• [Your instructions]:
Looking at the records below, state how many lines include the string "ltnS" and add nothing further.

╭─ Data under study

(* Let $\mathcal{G}$ be any grouped weight partition of $\mathbb{F}_q^k$ and $t$ a positive integer. Then $$r_{\mathcal{G}}(k,t)=N\big(\mathcal{D}_{\mathcal{G}}(t;u_0,u_1,\ldots,u_k)\big),\qquad u_i=(\underbrace{1,\ldots,1}_{i},0,\ldots,0),\ i=0,\ldots,k.$$
   Context: Let $W_i=\{u\in\mathbb{F}_q^k:\mathrm{wt}(u)=i\}$ (Hamming weight). A grouped weight partition is a partition $\mathcal{G}=\{G_1,\ldots,G_m\}$ of $\mathbb{F}_q^k$ with $G_j=\bigcup_{i\in S_j}W_i$, where $S_1,\ldots,S_m$ form a partition of $\{0,\ldots,k\}$. A $(\mathcal{P},t)$-encoding with redundancy $r$ is a systematic map $\mathcal{C}:\mathbb{F}_q^k\to\mathbb{F}_q^{k+r}$, $\mathcal{C}(u)=(u,p(u))$, with Hamming distance $d(\mathcal{C}(u),\mathcal{C}(v))\ge 2t+1$ whenever $u,v$ lie in different blocks; $r_{\mathcal{P}}(k,t)$ is the minimum such $r$. For distinct $u_1,\ldots,u_M$, $\mathcal{D}_{\mathcal{P}}(t;u_1,\ldots,u_M)$ is the $M\times M$ matrix with $(i,j)$ entry $\max(2t+1-d(u_i,u_j),0)$ if $u_i,u_j$ lie in different blocks of $\mathcal{P}$ and $0$ otherwise. For $D\in\mathbb{N}^{M\times M}$, $N(D)$ is the smallest $r\ge0$ such that there exist $z_1,\ldots,z_M\in\mathbb{F}_q^r$ with $d(z_i,z_j)\ge D_{i,j}$ for all $i\ne j$. *)

From mathcomp Require Import all_boot all_order all_algebra all_field.
Set Implicit Arguments. Unset Strict Implicit. Unset Printing Implicit Defensive.
Import GRing.Theory.
Local Open Scope ring_scope.

Section Defs.
Variable F : finFieldType.

Definition hdist n (u v : 'rV[F]_n) : nat := #|[set j : 'I_n | u 0 j != v 0 j]|.
Definition hwt n (u : 'rV[F]_n) : nat := #|[set j : 'I_n | u 0 j != 0]|.

(* A partition P of F^k is represented by a block-label function blk:
   u, v lie in the same block iff blk u = blk v. *)

Definition has_encoding k (blk : 'rV[F]_k -> nat) (t r : nat) : Prop :=
  exists p : 'rV[F]_k -> 'rV[F]_r,
    forall u v, blk u != blk v ->
      (2 * t + 1 <= hdist (row_mx u (p u)) (row_mx v (p v)))%N.

Definition Dmat k (blk : 'rV[F]_k -> nat) (t M : nat) (us : 'I_M -> 'rV[F]_k)
  : 'M[nat]_M :=
  \matrix_(i, j) (if blk (us i) != blk (us j)
                  then (2 * t + 1 - hdist (us i) (us j))%N else 0%N).

Definition realizable M (D : 'M[nat]_M) (r : nat) : Prop :=
  exists z : 'I_M -> 'rV[F]_r,
    forall i j, i != j -> (D i j <= hdist (z i) (z j))%N.

End Defs.

Definition is_min (P : nat -> Prop) (n : nat) : Prop :=
  P n /\ forall m, P m -> (n <= m)%N.

(* grouped weight partition: block of u determined by the weight of u via
   a labelling c of {0,...,k} (the fibres of c on {0..k} are the S_j) *)
Definition grouped (F : finFieldType) k (c : nat -> nat) : 'rV[F]_k -> nat :=
  fun u => c (hwt u).

Definition ustep (F : finFieldType) k (i : 'I_k.+1) : 'rV[F]_k :=
  \row_(j < k) (if (j < i)%N then 1 else 0).

From mathcomp Require Import all_boot all_order all_algebra all_field zify.
From Stdlib Require Import Classical.
Import GRing.Theory.
Set Implicit Arguments. Unset Strict Implicit. Unset Printing Implicit Defensive.

(* The distance between u_a and u_b is |a - b|, and |wt u - wt v| <= d(u, v)
   for all u, v.  Hence the restriction of an encoding to u_0, ..., u_k is a
   realization of D, and conversely a realization z_0, ..., z_k of D yields
   the encoding u |-> (u, z_(wt u)): for u, v in different blocks,
   d(u, v) + d(z_(wt u), z_(wt v)) >= |wt u - wt v| + (2t + 1 - |wt u - wt v|).
   So both problems have the same feasible redundancies, and a feasible one
   exists by repetition of the identity code. *)

Lemma is_min_ext (P Q : nat -> Prop) n :
  (forall m, P m <-> Q m) -> is_min P n <-> is_min Q n.
Proof.
move=> PQ; split=> -[Xn minX]; split=> [|m Xm].
- by rewrite -PQ.
- by apply: minX; rewrite PQ.
- by rewrite PQ.
- by apply: minX; rewrite -PQ.
Qed.

Lemma ex_is_min (P : nat -> Prop) n : P n -> exists m, is_min P m.
Proof.
elim: n {-2}n (leqnn n) => [|N IH] n le_nN Pn.
  by exists n; split=> // m _; move: le_nN; rewrite leqn0 => /eqP ->.
have [[m [lt_mn Pm]] | no_smaller] := classic (exists m, (m < n)%N /\ P m).
  by apply: (IH m) => //; rewrite -ltnS (leq_trans lt_mn).
exists n; split=> // m Pm; rewrite leqNgt; apply/negP => lt_mn.
by apply: no_smaller; exists m.
Qed.

Lemma sum_nat_range k a b : (a <= b <= k)%N ->
  (\sum_(j < k) ((a <= j) && (j < b) : nat))%N = (b - a)%N.
Proof.
case/andP => le_ab le_bk.
rewrite -(big_mkord xpredT (fun j => ((a <= j) && (j < b) : nat))).
rewrite (@big_cat_nat _ _ _ a) ?(leq_trans le_ab) //= (@big_cat_nat _ _ _ b a) //=.
rewrite big_nat_cond big1 ?add0n => [|i /andP[/andP[_ lt_ia] _]]; last first.
  by rewrite leqNgt lt_ia.
rewrite addnC big_nat_cond big1 ?add0n => [|i /andP[/andP[le_bi _] _]]; last first.
  by rewrite ltnNge le_bi andbF.
rewrite (@eq_big_nat _ _ _ a b _ (fun _ => 1%N)) ?sum_nat_const_nat ?muln1 //.
by move=> i /andP[-> ->].
Qed.

Section HammingGeometry.
Variable F : finFieldType.

Lemma card_set_sum (T : finType) (P : pred T) :
  #|[set x | P x]| = (\sum_(x : T) (P x : nat))%N.
Proof. by rewrite -sum1_card big_mkcond; apply: eq_bigr => x _; rewrite inE; case: (P x). Qed.

Lemma hdistE n (u v : 'rV[F]_n) :
  hdist u v = (\sum_(j < n) (u ord0 j != v ord0 j : nat))%N.
Proof. exact: card_set_sum. Qed.

Lemma hwtE n (u : 'rV[F]_n) : hwt u = (\sum_(j < n) (u ord0 j != 0%R : nat))%N.
Proof. exact: card_set_sum. Qed.

Lemma hdistC n (u v : 'rV[F]_n) : hdist u v = hdist v u.
Proof. by rewrite !hdistE; apply: eq_bigr => j _; rewrite eq_sym. Qed.

Lemma hdist_gt0 n (u v : 'rV[F]_n) : u != v -> (0 < hdist u v)%N.
Proof.
move=> neq_uv; have [j neq_j] : exists j, u ord0 j != v ord0 j.
  apply/existsP; apply: contraR neq_uv; rewrite negb_exists => /forallP eq_uv.
  by apply/eqP/rowP => j; have /negPn/eqP := eq_uv j; rewrite [ord0]ord1.
by rewrite hdistE (bigD1 j) //= neq_j.
Qed.

Lemma hdist_row_mx m n (u v : 'rV[F]_m) (p q : 'rV[F]_n) :
  hdist (row_mx u p) (row_mx v q) = (hdist u v + hdist p q)%N.
Proof.
rewrite !hdistE big_split_ord /=.
by congr (_ + _)%N; apply: eq_bigr => j _; rewrite ?row_mxEl ?row_mxEr.
Qed.

Lemma hwt_le n (u : 'rV[F]_n) : (hwt u <= n)%N.
Proof. by rewrite /hwt -[X in (_ <= X)%N]card_ord max_card. Qed.

Lemma hwt_le_hdist n (u v : 'rV[F]_n) : (hwt u <= hwt v + hdist u v)%N.
Proof.
rewrite !hwtE hdistE -big_split /=; apply: leq_sum => j _.
by case: eqP => [->|]; case: eqP => [->|] //=; case: eqP.
Qed.

Lemma distn_hwt_le_hdist n (u v : 'rV[F]_n) :
  (hwt u - hwt v + (hwt v - hwt u) <= hdist u v)%N.
Proof. have := hwt_le_hdist u v; have := hwt_le_hdist v u; rewrite hdistC; lia. Qed.

Lemma hwt_ustep k (a : 'I_k.+1) : hwt (ustep F a) = a.
Proof.
rewrite hwtE -[RHS]subn0 -(@sum_nat_range k 0 a); last by rewrite /= -ltnS.
by apply: eq_bigr => j _; rewrite mxE; case: ifP; rewrite ?oner_eq0 ?eqxx.
Qed.

Lemma hdist_ustep k (a b : 'I_k.+1) :
  hdist (ustep F a) (ustep F b) = (a - b + (b - a))%N.
Proof.
wlog le_ab : a b / (a <= b)%N.
  move=> hwlog; have [/hwlog //|/ltnW/hwlog] := leqP a b.
  by rewrite hdistC addnC.
rewrite (eqP le_ab) add0n -(@sum_nat_range k a b); last by rewrite le_ab /= -ltnS.
rewrite hdistE; apply: eq_bigr => j _; rewrite !mxE.
case: (ltnP j a) => [lt_ja|le_aj]; case: (ltnP j b) => [lt_jb|le_bj] /=;
  rewrite ?eqxx ?oner_eq0 1?eq_sym ?oner_eq0 //.
by have := leq_trans lt_ja (leq_trans le_ab le_bj); rewrite ltnn.
Qed.

Lemma repetition_code k m : exists r (p : 'rV[F]_k -> 'rV[F]_r),
  forall u v, u != v -> (m <= hdist (p u) (p v))%N.
Proof.
elim: m => [|m [r [p dist_p]]]; first by exists 0%N, (fun _ => 0%R).
exists (k + r)%N, (fun u => row_mx u (p u)) => u v neq_uv.
by rewrite hdist_row_mx -add1n leq_add ?hdist_gt0 ?dist_p.
Qed.

Lemma has_encoding_exists k (blk : 'rV[F]_k -> nat) t :
  exists r, has_encoding blk t r.
Proof.
have [r [p dist_p]] := repetition_code k (2 * t + 1).
exists r, p => u v neq_blk; rewrite hdist_row_mx.
by rewrite (leq_trans _ (leq_addl _ _)) // dist_p //; apply: contra neq_blk => /eqP ->.
Qed.

Lemma has_encoding_grouped k c t r :
  has_encoding (@grouped F k c) t r <->
  realizable F (Dmat (@grouped F k c) t (@ustep F k)) r.
Proof.
split=> [[p enc_p] | [z real_z]].
  exists (fun i => p (ustep F i)) => i j _; rewrite mxE.
  by case: ifP => // /enc_p; rewrite hdist_row_mx leq_subLR.
pose i_ (u : 'rV[F]_k) : 'I_k.+1 := inord (hwt u).
have i_E u : i_ u = hwt u :> nat by rewrite inordK // ltnS hwt_le.
have hwt_i u : hwt (ustep F (i_ u)) = hwt u by rewrite hwt_ustep i_E.
exists (fun u => z (i_ u)) => u v neq_blk.
have neq_i : i_ u != i_ v.
  by apply: contra neq_blk => /eqP eq_i; rewrite /grouped -hwt_i eq_i hwt_i.
have := real_z _ _ neq_i; rewrite mxE /grouped !hwt_i.
rewrite [_ != _]neq_blk.
rewrite hdist_ustep !i_E leq_subLR hdist_row_mx => /leq_trans; apply.
by rewrite leq_add2r distn_hwt_le_hdist.
Qed.

End HammingGeometry.

Theorem corollary9 (F : finFieldType) (k : nat) (c : nat -> nat) (t : nat)
  (ht : (0 < t)%N) :
  let G := @grouped F k c in
  (exists r, is_min (has_encoding G t) r) /\
  (forall r, is_min (has_encoding G t) r <->
             is_min (realizable F (Dmat G t (@ustep F k))) r).
Proof.
move=> G; split.
  by have [r enc_r] := has_encoding_exists G t; exact: ex_is_min enc_r.
by move=> r; apply: is_min_ext => m; exact: has_encoding_grouped.
Qed.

╰─

• [Output of the task]:
4